I wish to be involved in a local church here. And, I wish to get a core group of people together for regular fellowship at my home. The ultimate goal is to set up reformed church in my town. It will take long process, and one big criteria I already foresee is the need for plurality of elders. I understand the concept of partnering church, where they provide oversight to my fellowship group here, also to hold me accountable. I am opened to advice here at PB. If your church would love a mission outreach here at my place, please let me know =)

Ok. My dilemma is:
I am thinking of getting permission to teach bible study in one of the local churches here. From there I wish to have more people coming to embrace the reformed theology, and to help them see the errors currently committed in their own church.

I sound so much like *stealing sheep*. But at the same time, I felt a huge responsiiblity to make sure the sheep get the best from their Lord, and that includes not sitting under the teaching of women pastor, as well as to be in an environment where the doctrine of grace is embraced, and expository preaching is the regular diet of their spiritual food.
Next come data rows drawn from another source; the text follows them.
Lemma walk_len_dist x y : connect e x y -> walk_len e (dist e x y) x y.
Proof.
case/connectP=> p p_path ->; case: (shortenP p_path) => q q_path q_uniq _.
have q_lt : (size q < #|T|)%N by move/card_uniqP: q_uniq => /= <-; apply: max_card.
have has_walk : has (fun n => walk_len e n x (last x q)) (iota 0 #|T|).
  apply/hasP; exists (size q); first by rewrite mem_iota.
  by apply/existsP; exists (in_tuple q); rewrite /= q_path eqxx.
have := nth_find 0 has_walk; rewrite /dist nth_iota //.
by move: has_walk; rewrite has_find size_iota.
Qed.

Lemma dist_le_diameter x y : (dist e x y <= diameter e)%N.
Proof.
apply: leq_trans (leq_bigmax x).
exact: (leq_bigmax (F := fun y => dist e x y) y).
Qed.

Lemma exists_short_path x y : connect e x y ->
  exists p, [/\ path e x p, last x p = y, uniq (x :: p) & (size p <= diameter e)%N].
Proof.
move/walk_len_dist/walk_len_uniq=> [p [p_path p_last p_uniq p_size]].
by exists p; split=> //; apply: leq_trans p_size (dist_le_diameter x y).
Qed.

End ShortPaths.

Section Walks.
Variables (R : realType) (T : finType) (e : rel T) (sigma : T -> T -> R).
Hypothesis sigma_sign : signature e sigma.

Lemma signature_sqr x y : e x y -> sigma x y ^+ 2 = 1.
Proof. by case/sigma_sign=> _ [] ->; rewrite ?sqrrN expr1n. Qed.

Lemma signature_norm x y : e x y -> `|sigma x y| = 1.
Proof. by case/sigma_sign=> _ [] ->; rewrite ?normrN normr1. Qed.

Fixpoint walk_sign (x : T) (p : seq T) : R :=
  if p is y :: p' then sigma x y * walk_sign y p' else 1.

Fixpoint nonbacktracking (x : T) (p : seq T) : bool :=
  if p is y :: p' then (if p' is z :: _ then x != z else true) && nonbacktracking y p'
  else true.

Lemma walk_sign_rcons x p z :
  walk_sign x (rcons p z) = walk_sign x p * sigma (last x p) z.
Proof. by elim: p x => [|y p IH] x /=; rewrite ?mul1r ?mulr1 // IH mulrA. Qed.

Lemma norm_walk_sign x p : path e x p -> `|walk_sign x p| = 1.
Proof.
elim: p x => [|y p IH] x /=; first by rewrite normr1.
by case/andP=> /signature_norm xy /IH; rewrite normrM xy => ->; rewrite mulr1.
Qed.

Lemma walk_sign_backtrack x q y : e (last x q) y ->
  walk_sign x (rcons q y) * sigma y (last x q) = walk_sign x q.
Proof.
move=> xy; have [sym _] := sigma_sign xy.
by rewrite walk_sign_rcons -mulrA -sym -expr2 signature_sqr ?mulr1.
Qed.

Lemma uniq_nonbacktracking x p : uniq (x :: p) -> nonbacktracking x p.
Proof.
elim: p x => [|y p IH] x //= /andP[x_notin /IH ->]; rewrite andbT.
by case: p x_notin {IH} => [|z p] //; rewrite !inE !negb_or => /and3P[].
Qed.

Lemma nonbacktracking_rcons2 x q y z :
  nonbacktracking x (rcons (rcons q y) z) =
  nonbacktracking x (rcons q y) && (last x q != z).
Proof.
elim: q x => [|a q IH] x /=; first by rewrite andbT.
by rewrite IH andbA; case: q {IH}.
Qed.

Variable f : T -> R.

Definition gradsq (v : T) : R := \sum_(w | e v w) (sigma v w * f w - f v) ^+ 2.

Fixpoint walk_diffs (x : T) (p : seq T) : seq R :=
  if p is y :: p' then `|sigma x y * f y - f x| :: walk_diffs y p' else [::].

Definition transport (x : T) (p : seq T) : R := walk_sign x p * f (last x p).

Lemma size_walk_diffs x p : size (walk_diffs x p) = size p.
Proof. by elim: p x => [|y p IH] x //=; rewrite IH. Qed.

Lemma norm_transport x p : path e x p -> `|transport x p| = `|f (last x p)|.
Proof. by move=> p_path; rewrite normrM norm_walk_sign ?mul1r. Qed.

Lemma norm_sub_transport_le x p :
  path e x p -> `|f x - transport x p| <= \sum_(d <- walk_diffs x p) d.
Proof.
rewrite /transport; elim: p x => [|y p IH] x /=.
  by rewrite mul1r subrr normr0 big_nil.
case/andP=> xy /IH y_le; rewrite big_cons.
have -> : f x - sigma x y * walk_sign y p * f (last y p)
        = (f x - sigma x y * f y) + sigma x y * (f y - walk_sign y p * f (last y p)).
  by ring.
apply: le_trans (ler_normD _ _) _.
by rewrite normrM signature_norm // mul1r distrC lerD.
Qed.

Lemma transport_rcons x p z :
  transport x (rcons p z) = walk_sign x p * sigma (last x p) z * f z.
Proof. by rewrite /transport walk_sign_rcons last_rcons. Qed.

Lemma nonbacktracking_extension x p z :
  path e x p -> uniq (x :: p) -> e (last x p) z ->
  exists W, [/\ path e x W, nonbacktracking x W, (size W <= (size p).+1)%N
              & transport x W = transport x (rcons p z)].
Proof.
move=> p_path p_uniq pz.
have [pz_nb | pz_back] := boolP (nonbacktracking x (rcons p z)).
  by exists (rcons p z); rewrite rcons_path p_path pz size_rcons.
case/lastP: p p_path p_uniq pz pz_back => [|q y] p_path p_uniq yz //.
rewrite nonbacktracking_rcons2 (uniq_nonbacktracking p_uniq) negbK => /eqP q_last.
move: p_path p_uniq; rewrite rcons_path -rcons_cons rcons_uniq.
case/andP=> q_path qy /andP[_ q_uniq]; exists q; split=> //.
- exact: uniq_nonbacktracking.
- by rewrite size_rcons leqW.
by rewrite transport_rcons last_rcons /transport -(walk_sign_backtrack qy) q_last.
Qed.

Lemma gradsq_ge0 v : 0 <= gradsq v.
Proof. by apply: sumr_ge0 => w _; apply: sqr_ge0. Qed.

Lemma sqr_diff_sym x y : e x y ->
  (sigma x y * f y - f x) ^+ 2 = (sigma y x * f x - f y) ^+ 2.
Proof.
move=> xy; have [<- _] := sigma_sign xy; apply/eqP; rewrite -subr_eq0; apply/eqP.
transitivity ((sigma x y ^+ 2 - 1) * (f y ^+ 2 - f x ^+ 2)); first by ring.
by rewrite signature_sqr // subrr mul0r.
Qed.

Lemma sqr_diff_le_gradsq v w : e v w -> (sigma v w * f w - f v) ^+ 2 <= gradsq v.
Proof.
move=> vw; rewrite /gradsq (bigD1 w) //= lerDl.
by apply: sumr_ge0 => u _; apply: sqr_ge0.
Qed.

Lemma sqr_diff2_le_gradsq v a b : e v a -> e v b -> a != b ->
  (sigma v a * f a - f v) ^+ 2 + (sigma v b * f b - f v) ^+ 2 <= gradsq v.
Proof.
move=> va vb ab; rewrite /gradsq (bigD1 a) //= (bigD1 b) /=; last by rewrite vb eq_sym.
by rewrite addrA lerDl; apply: sumr_ge0 => u _; apply: sqr_ge0.
Qed.

Hypothesis e_sym : symmetric e.
Variable Sm : R.
Hypothesis gradsq_le : forall v, gradsq v <= Sm.

Lemma walk_diffs_le x p :
  path e x p -> all (fun d => d ^+ 2 <= Sm) (walk_diffs x p).
Proof.
elim: p x => [|y p IH] x //= /andP[xy /IH ->]; rewrite andbT real_normK ?num_real //.
exact: le_trans (sqr_diff_le_gradsq xy) (gradsq_le x).
Qed.

Lemma sorted_walk_diffs x p : path e x p -> nonbacktracking x p ->
  sorted (fun a b => a ^+ 2 + b ^+ 2 <= Sm) (walk_diffs x p).
Proof.
elim: p x => [|y p IH] x //=.
case: p IH => [|z p] IH //= /and3P[xy yz z_path] /andP[xz y_nb].
have /= -> := IH y; rewrite ?yz ?andbT //.
rewrite !real_normK ?num_real // sqr_diff_sym //.
apply: le_trans (gradsq_le y); apply: sqr_diff2_le_gradsq => //.
by rewrite e_sym.
Qed.

Lemma sqr_sub_transport_le x p n : path e x p -> nonbacktracking x p ->
  (size p <= n)%N -> 2 * (f x - transport x p) ^+ 2 <= (n * n.+1)%:R * Sm.
Proof.
move=> p_path p_nb p_size.
have Sm_ge0 : 0 <= Sm := le_trans (gradsq_ge0 x) (gradsq_le x).
have := sqr_sum_le_sorted (walk_diffs_le p_path) (sorted_walk_diffs p_path p_nb).
rewrite size_walk_diffs => sum_le; apply: le_trans (le_trans _ sum_le) _.
  rewrite ler_pM2l // -real_normK ?num_real // ler_sqr ?nnegrE //.
    exact: norm_sub_transport_le.
  exact: le_trans (norm_sub_transport_le p_path).
by rewrite ler_wpM2r // ler_nat leq_mul.
Qed.

End Walks.

Section CarreDuChamp.
Variables (R : realType) (T : finType) (e : rel T).

Lemma lapSZ (s : T -> T -> R) (g h : T -> R) c x :
  (forall y, g y = c * h y) -> lapS e s g x = c * lapS e s h x.
Proof.
move=> g_eq; rewrite /lapS mulrCA; congr (_ * _); rewrite mulr_sumr.
by apply: eq_bigr => y _; rewrite !g_eq; ring.
Qed.

Lemma lapDZ (g h : T -> R) c x :
  lap e (fun y => g y + c * h y) x = lap e g x + c * lap e h x.
Proof.
rewrite /lap /lapS mulrCA -mulrDr; congr (_ * _).
by rewrite mulr_sumr -big_split; apply: eq_bigr => y _ /=; ring.
Qed.

Lemma lap_le0_at_max (g : T -> R) x : (forall y, g y <= g x) -> lap e g x <= 0.
Proof.
move=> g_max; rewrite /lap /lapS mulr_ge0_le0 ?invr_ge0 //.
by apply: sumr_le0 => y _; rewrite mul1r subr_le0.
Qed.

Variable sigma : T -> T -> R.
Hypothesis sigma_sign : signature e sigma.

Lemma GammaSZ (f g : T -> R) c x :
  (forall y, g y = c * f y) -> GammaS e sigma f g x = c * GammaS e sigma f f x.
Proof.
move=> g_eq; have fg_eq y : f y * g y = c * (f y * f y) by rewrite g_eq; ring.
by rewrite /GammaS /lap (lapSZ _ _ fg_eq) (lapSZ _ _ g_eq) g_eq; ring.
Qed.

Lemma gradsq_GammaS (f : T -> R) x :
  gradsq e sigma f x = 2 * (deg e x)%:R * GammaS e sigma f f x.
Proof.
have [deg0 | deg_gt0] := posnP (deg e x).
  rewrite deg0 mulr0 mul0r /gradsq big_pred0 // => y.
  by move/card0_eq/(_ y): deg0; rewrite inE.
have -> : gradsq e sigma f x =
    \sum_(y | e x y) (1 * (f y * f y) - f x * f x)
    - 2 * f x * \sum_(y | e x y) (sigma x y * f y - f x).
  rewrite mulr_sumr -sumrB; apply: eq_bigr => y xy.
  transitivity ((sigma x y ^+ 2 - 1) * f y ^+ 2 + (1 * (f y * f y) - f x * f x)
                - 2 * f x * (sigma x y * f y - f x)); first by ring.
  by rewrite (signature_sqr sigma_sign xy) subrr mul0r add0r.
by rewrite /GammaS /lap /lapS; field; rewrite pnatr_eq0 -lt0n.
Qed.

End CarreDuChamp.

Section DimensionParameter.
Variable R : realType.

Lemma sqrtN_gt0 (N : option R) : N_gt1 N -> 0 < sqrtN N.
Proof.
by case: N => [n|] //= n_gt1; rewrite sqrtr_gt0 divr_gt0 ?subr_gt0 // (lt_trans ltr01).
Qed.

Lemma invN_sqrtN (N : option R) : N_gt1 N -> invN N = 1 - sqrtN N ^+ 2.
Proof.
case: N => [n|] /= n_gt1; last by rewrite expr1n subrr.
have n_gt0 : 0 < n by apply: lt_trans n_gt1.
by rewrite sqr_sqrtr ?divr_ge0 ?subr_ge0 ?ltW //; field; rewrite gt_eqF.
Qed.

End DimensionParameter.

Section GradientEstimate.
Variables (R : realType) (T : finType) (e : rel T) (sigma : T -> T -> R).
Variables (N : option R) (f : T -> R) (lam : R).
Hypotheses (cd : CD e sigma 0 N) (gt1_N : N_gt1 N).
Hypothesis eigen : forall y, - lapS e sigma f y = lam * f y.
Hypothesis lam_gt0 : 0 < lam.

Local Notation G := (GammaS e sigma f f).

Lemma lapS_eigen y : lapS e sigma f y = - lam * f y.
Proof. by rewrite mulNr -eigen opprK. Qed.

Lemma Gamma2S_eigen z : Gamma2S e sigma f f z = 2^-1 * lap e G z + lam * G z.
Proof. by rewrite /Gamma2S !(GammaSZ _ _ _ lapS_eigen); field. Qed.

Lemma lap_sqr_eigen z : lap e (fun y => f y * f y) z = 2 * G z - 2 * lam * f z ^+ 2.
Proof. by rewrite /GammaS lapS_eigen; field. Qed.

(* Among all weights in front of [lam f^2], 1 + sqrtN N minimises the bound
   of GammaS_eigen_le. *)
Lemma GammaS_le_at_max x :
  (forall y, G y + (1 + sqrtN N) * lam * f y ^+ 2 <= G x + (1 + sqrtN N) * lam * f x ^+ 2) ->
  G x <= (1 + sqrtN N) * lam * f x ^+ 2.
Proof.
move=> x_max; set u := sqrtN N in x_max *.
have := @lap_le0_at_max _ _ e (fun y => G y + (1 + u) * lam * (f y * f y)) x x_max.
rewrite lapDZ lap_sqr_eigen => lap_le0.
have := cd f x; rewrite Gamma2S_eigen lapS_eigen mul0r addr0 invN_sqrtN // -/u => cd_x.
have u_lam_gt0 : 0 < u * lam by rewrite mulr_gt0 ?sqrtN_gt0.
rewrite -(ler_pM2l u_lam_gt0); nra.
Qed.

Lemma GammaS_eigen_le M : (forall y, `|f y| <= M) ->
  forall y, G y <= 2 * (1 + sqrtN N) * lam * M ^+ 2.
Proof.
move=> f_le y; set u := sqrtN N.
have u_ge0 : 0 <= u := ltW (sqrtN_gt0 gt1_N).
pose F z := G z + (1 + u) * lam * f z ^+ 2.
have [x _ x_max] := @arg_maxP _ R T y xpredT F isT.
have Gx_le : G x <= (1 + u) * lam * f x ^+ 2 := GammaS_le_at_max (fun z => x_max z isT).
have fx_le : (1 + u) * lam * f x ^+ 2 <= (1 + u) * lam * M ^+ 2.
  apply: ler_wpM2l; first by rewrite mulr_ge0 ?addr_ge0 ?ler01 ?(ltW lam_gt0).
  by rewrite -real_normK ?num_real // lerXn2r ?nnegrE ?(le_trans _ (f_le x)).
have Gy_le : G y <= F y.
  by rewrite lerDl mulr_ge0 ?sqr_ge0 ?mulr_ge0 ?addr_ge0 ?ler01 ?(ltW lam_gt0).
have /= := x_max y isT; rewrite /F in Gy_le *; lra.
Qed.

End GradientEstimate.

Section Eigenfunctions.
Variables (R : realType) (T : finType) (e : rel T) (sigma : T -> T -> R).
Hypothesis sigma_sign : signature e sigma.

Lemma eigenfunction_peak lam : sg_eigenvalue e sigma lam ->
  exists f x0, [/\ forall y, - lapS e sigma f y = lam * f y, 0 < f x0
                 & forall y, `|f y| <= f x0].
Proof.
case=> f [[x fx_neq0] eigen].
have [x0 _ x0_max] := @arg_maxP _ R T x xpredT (fun y => `|f y|) isT.
have fx0_neq0 : f x0 != 0.
  by rewrite -normr_gt0 (lt_le_trans _ (x0_max x isT)) ?normr_gt0.
exists (fun y => Num.sg (f x0) * f y), x0; split.
- by move=> y; rewrite (lapSZ _ _ (h := f) (c := Num.sg (f x0))) // -mulrN eigen mulrCA.
- by rewrite -normrEsg normr_gt0.
- by move=> y; rewrite -normrEsg normrM normr_sg fx0_neq0 mul1r; apply: x0_max.
Qed.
So, the question is (finally): how am I going about gathering core group of people here? =)

You may let me know what you think. I suppose there is grace for me because I know PB community is helpful, even when it hurts.

Thank you

Alex


----------



## Pergamum (Jun 10, 2016)

If you will be studying in Singapore, look up the excellent Reformed Baptist Church by the name of Shalom Reformed Baptist Church and Pastor Wei En Yi and they can be an invaluable aid to you and give some much face-to-face advice.


----------



## jwithnell (Jun 10, 2016)

Friend, may I suggest you are in no way prepared to pursue pastoral ministry until you have functioned as a believer in a congregation. (Which would, in turn, confirm your gifts and calling should they be able to be confirmed.) Your feelings of wanting to serve in this capacity are admirable, but you need to know what it is to function within the body before you can lead such a body.


----------



## Alex Foo (Jun 10, 2016)

jwithnell said:


> Friend, may I suggest you are in no way prepared to pursue pastoral ministry until you have functioned as a believer in a congregation. (Which would, in turn, confirm your gifts and calling should they be able to be confirmed.) Your feelings of wanting to serve in this capacity are admirable, but you need to know what it is to function within the body before you can lead such a body.



thank you very much JWithnell. I just got back from their young adult fellowship on Friday night. I thank God for being able to blend with them because of my relative young age. I have some friends among them also.

I will continue to be part of the local church. As for the gift affirmation, I did receive words of encouragement for the ministry of the word. As for this congregation, it's still new because I'm only with them for 1 week. I will continue to be part of the congregation, and function together as the body of Christ until the gift can be affirmed once again.


----------



## Alex Foo (Jun 10, 2016)

Pergamum said:


> If you will be studying in Singapore, look up the excellent Reformed Baptist Church by the name of Shalom Reformed Baptist Church and Pastor Wei En Yi and they can be an invaluable aid to you and give some much face-to-face advice.



thank you Pergamum. I have heard repeated report from Shalom Church even from Singapore. We have a reformed church network in Malaysia as well, in which Shalom is linked. I will further explore the opportunity, and your advice is invaluable to me =)


----------